Nueces County has proposed strict new building limits for its 21 miles of beach–to the dismay of local cities and developers. The proposed rule would restrict most construction to 350 feet behind the beach vegetation line. That’s 150 feet more than the state guideline. The Texas General Land Office is expected to decide in January whether to certify the proposal. If allowed, Nueces County’s rule would be the most restrictive on the Texas coast. County officials say the rule would provide protection for the beach’s dune ridges, which buffer coastal communities from hurricanes. But developers and city leaders in Corpus Christi and Port Aransas oppose the move. They argue the rule amounts to an illegal land grab and would stifle job creation, lower taxable property values and cheat private landowners of income potential.

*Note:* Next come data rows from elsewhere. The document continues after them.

Lemma size_insert_last p r : size (insert_last p r) = (size p).+1.
Proof. by rewrite size_rcons size_map. Qed.

Lemma last_insert_last p r : last 0 (insert_last p r) = r.
Proof. exact: last_rcons. Qed.

Lemma std_init_insert_last p r : std_init (insert_last p r) = p.
Proof. by rewrite insert_lastE std_init_rcons -map_comp (eq_map (bumpK r)) map_id. Qed.

Lemma des_insert_last p r :
  des (insert_last p r) = des p + ((0 < size p) && (r <= last 0 p)).
Proof.
rewrite insert_lastE des_rcons des_map_mono; last exact: ltn_bump2.
rewrite size_map; case/lastP: p => [|q y] //.
rewrite map_rcons !last_rcons /bump; congr (_ + (_ && _)); case: leqP => /= h; lia.
Qed.

Lemma insert_last_std_init s :
  uniq s -> s != [::] -> insert_last (std_init s) (last 0 s) = s.
Proof.
case/lastP: s => // t r; rewrite rcons_uniq last_rcons std_init_rcons insert_lastE.
case/andP=> r_notin_t _ _; congr rcons; rewrite -map_comp -[RHS]map_id.
by apply/eq_in_map => x x_in_t; apply: unbumpK; apply: contraNneq r_notin_t => <-.
Qed.

Lemma inA_size n k s : inA n k s -> size s = n.
Proof. by case/andP=> /permnP[]. Qed.

Lemma inA_last n k s : inA n.+1 k s -> 0 < last 0 s <= n.+1 /\ n.+1 <= last 0 s + k.
Proof.
case/lastP: s => [|t r]; first by move/inA_size.
case/andP=> /permnP[_ s_size s_range] /maxdrop_leP s_drop; rewrite last_rcons.
move: s_size; rewrite size_rcons => -[t_size]; split.
  by apply: s_range; rewrite mem_rcons mem_head.
by have := s_drop n; rewrite size_rcons nth_rcons t_size ltnn eqxx; apply.
Qed.

Lemma inA_std_init n k s : inA n.+1 k s -> inA n k (std_init s).
Proof.
case/lastP: s => [|t r]; first by move/inA_size.
move=> s_inA; have := inA_last s_inA; rewrite last_rcons => -[r_range r_drop].
case/andP: s_inA => /permnP[s_uniq s_size s_range] /maxdrop_leP s_drop.
move: s_size s_uniq; rewrite size_rcons rcons_uniq std_init_rcons.
case=> t_size /andP[r_notin_t t_uniq].
have t_range x : x \in t -> 0 < x <= n.+1 /\ x != r.
  move=> x_in_t; split; first by apply: s_range; rewrite mem_rcons inE x_in_t orbT.
  by apply: contraNneq r_notin_t => <-.
apply/andP; split.
  apply/permnP; split.
  - rewrite map_inj_in_uniq // => a b /t_range[_ a_r] /t_range[_ b_r].
    by rewrite /unbump; case: (ltnP r a); case: (ltnP r b); lia.
  - by rewrite size_map.
  - move=> _ /mapP[x /t_range[x_range x_r] ->].
    by rewrite /unbump; case: (ltnP r x); lia.
apply/maxdrop_leP => m; rewrite size_map t_size => lt_mn.
have [x_range x_r] : 0 < nth 0 t m <= n.+1 /\ nth 0 t m != r.
  by apply: t_range; rewrite mem_nth ?t_size.
have := s_drop m; rewrite size_rcons nth_rcons t_size lt_mn (nth_map 0) ?t_size //.
by rewrite /unbump; case: (ltnP r (nth 0 t m)); lia.
Qed.

Lemma inA_insert_last n k p r :
  inA n k p -> 0 < r <= n.+1 -> n.+1 <= r + k -> inA n.+1 k (insert_last p r).
Proof.
case/andP=> /permnP[p_uniq p_size p_range] /maxdrop_leP p_drop r_range r_drop.
rewrite insert_lastE; apply/andP; split.
  apply/permnP; split.
  - rewrite rcons_uniq (map_inj_uniq (can_inj (bumpK r))) p_uniq andbT.
    by apply/mapP => -[x _ /eqP]; rewrite (negbTE (neq_bump _ _)).
  - by rewrite size_rcons size_map p_size.
  - move=> x; rewrite mem_rcons inE => /predU1P[-> //|/mapP[y /p_range]].
    by rewrite /bump => y_range ->; case: leqP; lia.
apply/maxdrop_leP => m; rewrite size_rcons size_map p_size ltnS nth_rcons size_map.
rewrite leq_eqVlt => /predU1P[-> | lt_mn]; first by rewrite p_size ltnn eqxx.
have := p_drop m; rewrite p_size lt_mn (nth_map 0) ?p_size //.
by rewrite /bump; case: leqP; lia.
Qed.

Local Open Scope ring_scope.

Definition stat_num (n k : nat) (i j : int) : int := (n.+1 * k)%N%:Z - k.+1%:Z * i - j.

Lemma iprimeE n k i j : iprime n k i j = (stat_num n k i j %/ k.+1%:Z)%Z.
Proof. by []. Qed.

Lemma jprimeE n k i j : jprime n k i j = (stat_num n k i j %% k.+1%:Z)%Z.
Proof. by rewrite /jprime /modz [in RHS]mulrC. Qed.

Lemma stat_num_euclid n k i j :
  stat_num n k i j = k.+1%:Z * iprime n k i j + jprime n k i j.
Proof. by rewrite /jprime [RHS]addrC subrK. Qed.

Lemma jprime_range n k i j : 0 <= jprime n k i j <= k%:Z.
Proof.
rewrite jprimeE; apply/andP; split; first exact: modz_ge0.
by have := @ltz_mod (stat_num n k i j) k.+1%:Z isT; rewrite /=; lia.
Qed.

Lemma iprime_jprime_unique n k i j q r :
  stat_num n k i j = k.+1%:Z * q + r -> 0 <= r <= k%:Z ->
  iprime n k i j = q /\ jprime n k i j = r.
Proof.
move=> num_eq r_range.
have iprime_q : iprime n k i j = q.
  rewrite iprimeE num_eq mulrC divzMDl // divz_small ?addr0 //.
by split=> //; apply: (addrI (k.+1%:Z * q)); rewrite -num_eq -iprime_q -stat_num_euclid.
Qed.

Lemma iprime_jprimeK n k i j : 0 <= j <= k%:Z ->
  iprime n k (iprime n k i j) (jprime n k i j) = i /\
  jprime n k (iprime n k i j) (jprime n k i j) = j.
Proof.
move=> j_range; apply: iprime_jprime_unique => //.
by have := stat_num_euclid n k i j; rewrite /stat_num; lia.
Qed.

Lemma small_multiple_eq0 (x d : int) : - d < x * d < d -> x = 0.
Proof. nia. Qed.

(* Appending an entry changes the numerator by k + j0 - j - (k+1)[j < j0],
   so the quotient moves by exactly the carry [j' < j0']. *)
Lemma iprimeS n k (i j0 j : int) : 0 <= j0 <= k%:Z -> 0 <= j <= k%:Z ->
  iprime n.+1 k (i + (j < j0)%R%:Z) j =
  iprime n k i j0 + (jprime n.+1 k (i + (j < j0)%R%:Z) j < jprime n k i j0)%R%:Z.
Proof.
move=> j0_range j_range.
have := stat_num_euclid n.+1 k (i + (j < j0)%R%:Z) j.
have := stat_num_euclid n k i j0.
have := jprime_range n.+1 k (i + (j < j0)%R%:Z) j.
have := jprime_range n k i j0.
rewrite /stat_num.
set ip := iprime _ _ _ _; set jp := jprime _ _ _ _.
set ip0 := iprime _ _ _ _; set jp0 := jprime _ _ _ _.
move=> jp0_range jp_range num0 num.
apply/eqP; rewrite -subr_eq0; apply/eqP.
apply: (@small_multiple_eq0 _ k.+1%:Z).
by case: (ltrP j j0) num; case: ltrP => /=; lia.
Qed.
(* U : X^T -> X^G is relatively Segal: for every n >= 2 the canonical map
   X_n -> Y_n x_{Y_1^n} X_1^n is a bijection (the square is a pullback),
   written on representatives of the classes. *)
Definition relSegal (fl : flavor) : Prop :=
  forall n, 2 <= n ->
  forall y : rawG V, validG r p n y ->
  forall xs : nat -> rawT V,
    (forall i, i < n -> validT p 1 (xs i)) ->
    (forall i, i < n -> isoG fl (UT r p 1 (xs i)) (segG y i)) ->
    (exists x, [/\ validT p n x, isoG fl (UT r p n x) y &
                   forall i, i < n -> isoT fl (segT x i) (xs i)]) /\
    (forall x x', validT p n x -> validT p n x' ->
       isoG fl (UT r p n x) y -> isoG fl (UT r p n x') y ->
       (forall i, i < n -> isoT fl (segT x i) (xs i)) ->
       (forall i, i < n -> isoT fl (segT x' i) (xs i)) ->
       isoT fl x x').

End Segal.

From mathcomp Require Import all_boot zify.
Set Implicit Arguments. Unset Strict Implicit. Unset Printing Implicit Defensive.

(** If [T] is a single vertex, every isomorphism is the identity, a layering
    is recovered from its layers (each [L_k] is the union of the layers of index
    at least [k]), and the layers of any partition glue to a layering; so [U] is
    relatively Segal.

    Conversely, let [w] be a child of the root [r].  The edgeless graph on
    [{r, w}] with parts [{r}], [{w}] has Segal edges lifting to the admissible
    one-vertex forests [{r}] and [{w}], so a lift is an admissible two-vertex
    subforest without edges.  For labelled trees it must be [{r, w}], which is
    an edge.  For unlabelled trees it is a non-adjacent admissible pair
    [{a, b}], and then [T] contains a path [u - c - z].  The graph [u - c - z]
    with parts [{c}], [{u, z}] has Segal edges lifting to [{r}] and [{a, b}];
    but in a lift both neighbours of the vertex over [c] lie in the lower
    subforest [L_1] while that vertex does not, so both are its parent and
    [u = z]. *)

Section Chains.
Variable T : finType.
Implicit Types P L : seq {set T}.

Definition tail_union P k := \bigcup_(k <= j < size P) nth set0 P j.

Definition tail_chain P := [seq tail_union P k | k <- iota 0 (size P).+1].

Definition layers L n := [seq layer L k | k <- iota 0 n].

Lemma tail_union_ge P k : size P <= k -> tail_union P k = set0.
Proof. by move=> Pk; rewrite /tail_union big_geq. Qed.

Lemma tail_unionS P k :
  k < size P -> tail_union P k = nth set0 P k :|: tail_union P k.+1.
Proof. by move=> kP; rewrite /tail_union big_ltn. Qed.

Lemma tail_union_subS P k : tail_union P k.+1 \subset tail_union P k.
Proof.
case: (ltnP k (size P)) => kP; first by rewrite (tail_unionS kP) subsetUr.
by rewrite tail_union_ge ?sub0set // leqW.
Qed.

Lemma tail_union_sub0 P k : tail_union P k \subset tail_union P 0.
Proof. by elim: k => // k IHk; apply: subset_trans (tail_union_subS P k) IHk. Qed.

Lemma tail_union0 P : tail_union P 0 = \bigcup_(A <- P) A.
Proof. by rewrite (big_nth set0). Qed.

Lemma nth_tail_chain P k : nth set0 (tail_chain P) k = tail_union P k.
Proof.
case: (ltnP k (size P).+1) => kP.
  by rewrite (nth_map 0) ?size_iota // nth_iota.
by rewrite nth_default ?size_map ?size_iota // tail_union_ge // ltnW.
Qed.

Lemma layer_tail_chain P k :
  (forall i j, i < size P -> j < size P -> i != j ->
     [disjoint nth set0 P i & nth set0 P j]) ->
  k < size P -> layer (tail_chain P) k = nth set0 P k.
Proof.
move=> disjP kP; rewrite /layer !nth_tail_chain (tail_unionS kP) setDUl setDv setU0.
apply/setDidPl; rewrite /tail_union big_nat_cond.
elim/big_ind: _ => [|B C|j].
- by rewrite disjoint_sym eq_disjoint0 // => x; rewrite inE.
- by rewrite -!setI_eq0 setIUr setU_eq0 => -> ->.
- rewrite andbT => /andP[kj jP]; apply: disjP => //.
  by rewrite neq_ltn kj.
Qed.

Lemma tail_chain_layers n L :
  size L = n.+1 -> nth set0 L n = set0 ->
  (forall i, i < n -> nth set0 L i.+1 \subset nth set0 L i) ->
  tail_chain (layers L n) = L.
Proof.
move=> sizeL Ln decL; have size_layers : size (layers L n) = n by rewrite size_map size_iota.
have tailE m k : n - k = m -> k <= n -> tail_union (layers L n) k = nth set0 L k.
  elim: m k => [|m IHm] k nk kn.
    have -> : k = n by lia.
    by rewrite tail_union_ge ?size_layers.
  have kn' : k < n by lia.
  rewrite tail_unionS ?size_layers // IHm; [|lia|lia].
  rewrite (nth_map 0) ?size_iota // nth_iota // /layer setUC.
  by rewrite -{1}(setIidPr (decL k kn')) setID.
apply: (eq_from_nth (x0 := set0)) => [|k]; first by rewrite size_map size_iota size_layers sizeL.
rewrite size_map size_iota size_layers ltnS => kn.
by rewrite nth_tail_chain (tailE _ k erefl).
Qed.
End Chains.

Section Simplices.
Variables (V : finType) (r : V) (p : V -> V).
Implicit Types (S : {set V}) (x : rawT V) (y : rawG V).

Definition simplex1 S : rawT V := (S, [:: S; set0]).

Definition edgeless1 S : rawG V := (S, set0, [:: S]).

Lemma lower_in_refl S : lower_in p S S.
Proof. by split => // v w _ []. Qed.

Lemma lower_in0 S : lower_in p S set0.
Proof. by split => [|v w]; rewrite ?sub0set ?inE. Qed.

Lemma layering1 S : layering p S 1 [:: S; set0].
Proof.
split=> //; split=> [[|[|i]] _ //=|[|i] //= _]; rewrite ?sub0set //.
  exact: lower_in_refl.
exact: lower_in0.
Qed.

Lemma validT_simplex1 S : admissible p S -> validT p 1 (simplex1 S).
Proof. by move=> admS; split=> //; apply: layering1. Qed.

Lemma validT1_simplex1 x : validT p 1 x -> x = simplex1 x.1.
Proof.
case: x => S L [_ [[_ sL L0 L1] _]]; congr pair.
by case: L sL L0 L1 => [|A [|B []]] //= _ -> ->.
Qed.

Lemma UT_simplex1 S :
  UT r p 1 (simplex1 S) = (S, [set e in tree_edges r p | e \subset S], [:: S]).
Proof. by rewrite /UT /layer /= setD0. Qed.
Lemma segment_exit_point C (a d : V) : closed C -> C a -> ~ C (a + d) ->
  exists tau : R, [/\ 0 <= tau < 1, C (a + tau *: d), ~ interior C (a + tau *: d) &
    forall t, tau < t <= 1 -> ~ C (a + t *: d)].
Proof.
move=> clC Ca Cad.
pose S := [set t : R | 0 <= t <= 1 /\ C (a + t *: d)].
have S0 : S 0 by rewrite /S /= lexx ler01 scale0r addr0.
have supS : has_sup S by split; [exists 0 | exists 1 => t [/andP[_ ->]]].
pose tau := sup S.
have tau0 : 0 <= tau := sup_upper_bound supS S0.
have tau1 : tau <= 1 by apply: ge_sup; [exists 0 | move=> t [/andP[_ ->]]].
have le_tau t : 0 <= t <= 1 -> C (a + t *: d) -> t <= tau.
  by move=> t01 Ct; apply: sup_upper_bound.
have small_step (r s : R) : 0 < r -> 0 <= s <= r / (`|d| + 1) -> `|s *: d| < r.
  move=> r0 /andP[s0 sr]; rewrite normrZ ger0_norm //.
  have d1 : 0 < `|d| + 1 by rewrite ltr_pwDr.
  rewrite ler_pdivlMr // in sr; nra.
have Ctau : C (a + tau *: d).
  rewrite (closure_id C).1 // => B nbhsB.
  have [r /= r0 Br] := (@nbhs_normP R V _ B).1 nbhsB.
  have e0 : 0 < r / (`|d| + 1) by rewrite divr_gt0 ?ltr_pwDr.
  have [t [t01 Ct] tt] := sup_adherent e0 supS.
  exists (a + t *: d); split => //; apply: Br => /=.
  rewrite opprD addrACA subrr add0r -scalerBl small_step // subr_ge0 le_tau //=.
  by rewrite lerBlDl -lerBlDr ltW.
have tau_lt1 : tau < 1.
  rewrite lt_neqAle tau1 andbT; apply: contraPneq Cad => tau_eq1.
  by rewrite -[d]scale1r -tau_eq1.
exists tau; split => //; first by rewrite tau0.
- move=> /interiorP[r r0 Ctau_r].
  pose s := Num.min (1 - tau) (r / (`|d| + 1)).
  have s0 : 0 < s by rewrite lt_min subr_gt0 tau_lt1 divr_gt0 ?ltr_pwDr.
  suff : tau + s <= tau by rewrite gerDl leNgt s0.
  apply: le_tau; first by rewrite addr_ge0 ?(ltW s0) // -lerBrDl ge_min lexx.
  apply: Ctau_r; have -> : a + (tau + s) *: d - (a + tau *: d) = s *: d.
    by apply/rowP => i; rewrite !mxE; ring.
  by rewrite small_step // (ltW s0) ge_min lexx orbT.
- move=> t /andP[tau_t t1] Ct; suff : t <= tau by rewrite leNgt tau_t.
  by apply: le_tau Ct; rewrite t1 andbT (le_trans tau0) ?ltW.
Qed.
Definition is_subalgebra (S : {pred C}) : Prop :=
  [/\ 0 \in S,
      (forall (k : K) x y, x \in S -> y \in S -> k *: x + y \in S)
    & (forall x y, x \in S -> y \in S -> x * y \in S)].

Definition linear_map_on (S T : {pred C}) (f : C -> C) : Prop :=
  (forall x, x \in S -> f x \in T) /\
  (forall (k : K) x y, x \in S -> y \in S -> f (k *: x + y) = k *: f x + f y).

Definition is_linear (f : C -> C) : Prop :=
  forall (k : K) x y, f (k *: x + y) = k *: f x + f y.

(* Right-liberation of (A,B) w.r.t. (e, rho, psi).  A tuple
   a_1, b_1, a_2, ..., b_{n-1}, a_n  (n >= 1) is represented by
   a1 together with the list [(b_1,a_2); ...; (b_{n-1},a_n)]. *)
Definition right_liberated (A B : {pred C}) (e rho psi : C -> C) : Prop :=
  (forall b1 b2 y, b1 \in B -> b2 \in B -> e (b1 * y * b2) = b1 * e y * b2) /\
  (forall (a1 : C) (s : seq (C * C)),
      a1 \in A -> all (fun p => (p.1 \in B) && (p.2 \in A)) s ->
      e ((a1 - rho a1) * \prod_(p <- s) ((p.1 - psi p.1) * (p.2 - rho p.2))) = 0).

(* A word (b_0, a_1, b_1, ..., a_l, b_l) in W_l is represented by
   (b_0, [(a_1,b_1); ...; (a_l,b_l)]); l = size x.2. *)
Definition word := (C * seq (C * C))%type.

Definition flat (x : word) : seq C :=
  x.1 :: flatten [seq [:: p.1; p.2] | p <- x.2].

Fixpoint pairs (s : seq C) : seq (C * C) :=
  match s with
  | a :: b :: r => (a, b) :: pairs r
  | _ => [::]
  end.

Definition unflat (s : seq C) : word := (head 0 s, pairs (behead s)).

Fixpoint runs (s : seq (bool * C)) : seq (bool * C) :=
  match s with
  | [::] => [::]
  | (t, c) :: s' =>
      match runs s' with
      | (t', c') :: r => if t == t' then (t, c * c') :: r
                         else (t, c) :: (t', c') :: r
      | [::] => [:: (t, c)]
      end
  end.

(* Col(x;S): index j in [0,2l] is in T := S u {0,2l} (tag true) or in
   [2l-1] \ S (tag false); x_j / y_k as in the paper. *)
Definition Col (rho psi : C -> C) (x : word) (l : nat)
    (S : {set 'I_(2 * l).+1}) : word :=
  let z := flat x in
  let inT (j : 'I_(2 * l).+1) :=
      (j \in S) || (val j == 0%N) || (val j == (2 * l)%N) in
  let v (j : 'I_(2 * l).+1) :=
      if inT j then (if odd j then rho (nth 0 z j) else nth 0 z j)
      else (if odd j then nth 0 z j else psi (nth 0 z j)) in
  unflat [seq c.2 | c <- runs [seq (inT j, v j) | j <- enum 'I_(2 * l).+1]].

Definition admissible (l : nat) (S : {set 'I_(2 * l).+1}) : bool :=
  [forall j : 'I_(2 * l).+1, (j \in S) ==> (0 < val j < 2 * l)%N] &&
  (S != [set j : 'I_(2 * l).+1 | (0 < val j < 2 * l)%N && ~~ odd j]).

Fixpoint Mfuel (rho psi : C -> C) (n : nat) (x : word) : C :=
  match n with
  | 0 => x.1
  | n'.+1 =>
      if x.2 is [::] then x.1
      else \sum_(S : {set 'I_(2 * size x.2).+1} | admissible S)
             (-1) ^+ (size x.2 + #|S|) * Mfuel rho psi n' (Col rho psi x S)
  end.

Definition Moment (rho psi : C -> C) (x : word) : C :=
  Mfuel rho psi (size x.2) x.

End Defs.

From HB Require Import structures.
From mathcomp Require Import all_boot all_order all_algebra zify.
Set Implicit Arguments. Unset Strict Implicit. Unset Printing Implicit Defensive.
Import GRing.Theory.
Local Open Scope ring_scope.

(* Write z_0, ..., z_2l for the letters of x
   and centre every interior letter: z_j - rho(z_j) for odd j, z_j - psi(z_j)
   for even j.  Since e is a B-bimodule map, b_0 and b_l can be pulled out,
   and right-liberation says that e kills the product of the centred letters.
   Expanding this product gives one term per subset S of [2l-1]: position j
   contributes x_j if j lies in T = S u {0, 2l} and y_j otherwise, with the
   sign (-1)^(l + |S| + 1).  The term of S = 2[l-1] is the product of x itself;
   every other term is the product of the strictly shorter word Col(x;S), to
   which the induction hypothesis applies.  This is exactly the recursion
   defining M. *)

Section Runs.
Variables (K : numClosedFieldType) (C : algType K) (A B : {pred C}).
Hypothesis mulA : forall x y, x \in A -> y \in A -> x * y \in A.
Hypothesis mulB : forall x y, x \in B -> y \in B -> x * y \in B.

Fixpoint alternating (b : bool) (s : seq bool) : bool :=
  if s is t :: s' then (t == b) && alternating (~~ b) s' else true.

Fixpoint graded (b : bool) (s : seq C) : bool :=
  if s is c :: s' then (if b then c \in B else c \in A) && graded (~~ b) s'
  else true.

Definition tag_mem (c : bool * C) : bool := if c.1 then c.2 \in B else c.2 \in A.

Lemma runs_cons (s : seq (bool * C)) t (c : C) : runs ((t, c) :: s) =
  match runs s with
  | (t', c') :: r => if t == t' then (t, c * c') :: r else (t, c) :: (t', c') :: r
  | [::] => [:: (t, c)]
  end.
Proof. by []. Qed.

Lemma runs_alternating (s : seq (bool * C)) t (c : C) :
  alternating t (map fst (runs ((t, c) :: s))).
Proof.
elim: s t c => [|[t' c'] s IH] t c; first by rewrite /= eqxx.
rewrite runs_cons; have := IH t' c'.
case: (runs ((t', c') :: s)) => [|[t2 c2] r] //=; first by rewrite eqxx.
case/andP => /eqP -> H.
case: eqP => [->|ne] /=; first by rewrite eqxx.
have Et : t' = ~~ t by move: ne; case: (t); case: (t') => //= /(_ erefl).
by move: H; rewrite Et negbK => H; rewrite !eqxx H.
Qed.

Lemma runs_last (s : seq (bool * C)) t (c : C) d :
  last d (map fst (runs ((t, c) :: s))) = last t (map fst s).
Proof.
elim: s t c d => [|[t' c'] s IH] t c d //.
rewrite runs_cons; have := IH t' c'.
case: (runs ((t', c') :: s)) => [|[t2 c2] r] /= H.
  by have := H true; rewrite -(H false).
by case: ifP => [/eqP ->|_] /=; rewrite (H t2).
Qed.

Lemma runs_prod (s : seq (bool * C)) :
  \prod_(c <- [seq c.2 | c <- runs s]) c = \prod_(c <- [seq c.2 | c <- s]) c.
Proof.
elim: s => [|[t c] s IH] //.
rewrite runs_cons [in RHS]map_cons big_cons -IH.
case: (runs s) => [|[t2 c2] r]; first by rewrite /= !big_cons !big_nil.
by case: ifP => _; rewrite /= !big_cons ?mulrA.
Qed.

Lemma runs_tag_mem (s : seq (bool * C)) : all tag_mem s -> all tag_mem (runs s).
Proof.
elim: s => [|[t c] s IH] //; rewrite runs_cons /= => /andP[tc /IH].
case: (runs s) => [|[t2 c2] r] /=; first by rewrite tc.
case/andP => tc2 Hr; case: ifP => [/eqP Et|_] /=; last by rewrite tc tc2 Hr.
by move: tc tc2; rewrite /tag_mem /= -Et Hr andbT; case: t {Et} => /= ? ?; auto.
Qed.

Lemma runs_size (s : seq (bool * C)) : runs s = s \/ (size (runs s) < size s)%N.
Proof.
elim: s => [|[t c] s IH]; first by left.
rewrite runs_cons; case: IH => [E|lt].
  rewrite E; case: s E => [|[t2 c2] r] E /=; first by left.
  by case: ifP => _; [right|left].
right; move: lt; case: (runs s) => [|[t2 c2] r] /=.
  by case: s.
by case: ifP => _ /=; lia.
Qed.

Lemma alternating_graded b (s : seq (bool * C)) :
  alternating b (map fst s) -> all tag_mem s -> graded b (map snd s).
Proof.
elim: s b => [|[t c] s IH] b //= /andP[/eqP Et H] /andP[tc H']; subst b.
by rewrite IH // andbT; move: tc; rewrite /tag_mem /=.
Qed.

Lemma alternating_nth b s j : alternating b s -> (j < size s)%N ->
  nth false s j = b (+) odd j.
Proof.
elim: s b j => [|t s IH] b [|j] //= /andP[/eqP Et H] lt; first by rewrite addbF.
by rewrite (IH _ _ H lt) addNb addbN.
Qed.

Lemma alternating_last b s : alternating b s ->
  last (~~ b) s = if odd (size s) then b else ~~ b.
Proof.
elim: s b => [|t s IH] b //= /andP[/eqP -> H].
by move: (IH _ H); rewrite negbK => ->; case: (odd (size s)).
Qed.

Lemma graded_nth b s j : graded b s -> (j < size s)%N ->
  if b (+) odd j then nth 0 s j \in B else nth 0 s j \in A.
Proof.
elim: s b j => [|t s IH] b [|j] //= /andP[H1 H2] lt; first by rewrite addbF.
by have := IH _ _ H2 lt; rewrite addNb addbN.
Qed.

Lemma pairs_ind (P : seq C -> Prop) : P [::] -> (forall a, P [:: a]) ->
  (forall a b s, P s -> P (a :: b :: s)) -> forall s, P s.
Proof.
move=> P0 P1 P2 s; have [n] := ubnP (size s).
elim: n s => [|n IH] [|a [|b s]] //= lt.
by apply: P2; apply: IH; rewrite /= in lt; lia.
Qed.

Lemma pairs_graded s : graded false s ->
  all (fun p => (p.1 \in A) && (p.2 \in B)) (pairs s).
Proof. by elim/pairs_ind: s => //= a b s IH /andP[-> /andP[-> /IH]]. Qed.

Lemma pairs_prod (s : seq C) : ~~ odd (size s) ->
  \prod_(p <- pairs s) (p.1 * p.2) = \prod_(c <- s) c.
Proof.
elim/pairs_ind: s => [|a|a b s IH] /=; [by rewrite !big_nil | by [] | ].
by rewrite negbK => /IH; rewrite !big_cons => ->; rewrite mulrA.
Qed.

Lemma pairs_size (s : seq C) : ((size (pairs s)).*2 <= size s)%N.
Proof. by elim/pairs_ind: s => //= a b s IH; rewrite doubleS; lia. Qed.

Lemma runs_word (s : seq (bool * C)) c0 s' :
  s = (true, c0) :: s' -> last true (map fst s') -> all tag_mem s ->
  let y := unflat [seq c.2 | c <- runs s] in
  [/\ y.1 \in B, all (fun p => (p.1 \in A) && (p.2 \in B)) y.2,
      y.1 * \prod_(p <- y.2) (p.1 * p.2) = \prod_(c <- [seq c.2 | c <- s]) c
    & runs s = s \/ ((size y.2).*2.+2 <= size s)%N].
Proof.
move=> Es hl htm /=.
have ha := runs_alternating s' true c0; have hl2 := runs_last s' true c0 false.
have ht := runs_tag_mem htm; have hs := runs_size s; have hp := runs_prod s.
rewrite -Es in ha hl2; rewrite hl in hl2.
move: ha hl2 ht hs hp; case: (runs s) => [|[t1 h] rs] //=.
case/andP => /eqP -> ha hl2 /andP[th ht] hs hp.
have hal : alternating true [seq i.1 | i <- (true, h) :: rs] by rewrite /= ha.
have := alternating_last hal; rewrite /= hl2 size_map /=.
case Ho: (odd (size rs)) => //= _.
split => //.
- exact/pairs_graded/(alternating_graded ha).
- by rewrite pairs_prod ?size_map ?Ho // -hp big_cons.
- case: hs => [->|lt]; [by left|right].
  have := pairs_size [seq c.2 | c <- rs]; rewrite size_map /= in lt *; lia.
Qed.

End Runs.

Section Collapse.
Variables (K : numClosedFieldType) (C : algType K) (A B : {pred C}) (rho psi : C -> C).
Hypothesis mulA : forall x y, x \in A -> y \in A -> x * y \in A.
Hypothesis mulB : forall x y, x \in B -> y \in B -> x * y \in B.
Hypothesis rhoAB : forall x, x \in A -> rho x \in B.
Hypothesis psiBA : forall x, x \in B -> psi x \in A.

Definition in_W (x : word C) : bool :=
  (x.1 \in B) && all (fun p => (p.1 \in A) && (p.2 \in B)) x.2.

Lemma flat_graded (x : word C) : in_W x -> graded A B true (flat x).
Proof.
case: x => b s /andP[/= -> /=]; elim: s => [|[a b'] s IH] //=.
by case/andP => /andP[/= -> ->] /IH.
Qed.

Lemma flat_size (x : word C) : size (flat x) = (2 * size x.2).+1.
Proof.
case: x => b s; rewrite /flat /=; congr S.
by elim: s => [|p s IH] //=; rewrite IH; lia.
Qed.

The chairman of the Federal Communications Commission says cable television rates keep going up while prices for other communications services are going down. Kevin Martin blames local governments for blocking competition. And he’s proposing to change that. On Wednesday, the FCC is scheduled to vote on whether to make it easier for competitors to obtain cable franchises. The proposal is backed by Verizon Communications and AT&T, which have poured billions of dollars into rewiring their old telecommunications networks so they can deliver television programming and other services. But local franchising authorities are alarmed, and say action by the agency may wind up hurting consumers.

Union members have been protesting Goodyear Tire & Rubber outside about 150 retail locations in the U.S. and Canada. They’re speaking out against Goodyear’s use of temporary workers during a two-month strike by unionized employees. One union official says tires can’t be made by unskilled workers and such products shouldn’t be sold to the general public. Others are calling on customers to show their support of unionized employees. About 1,500 workers went on strike at 12 North American plants after contract negotiations broke down in October. Goodyear has since hired nonunion and temporary workers to meet production needs. A spokesman for Goodyear says the protests didn’t affect plans to return to negotiations Monday.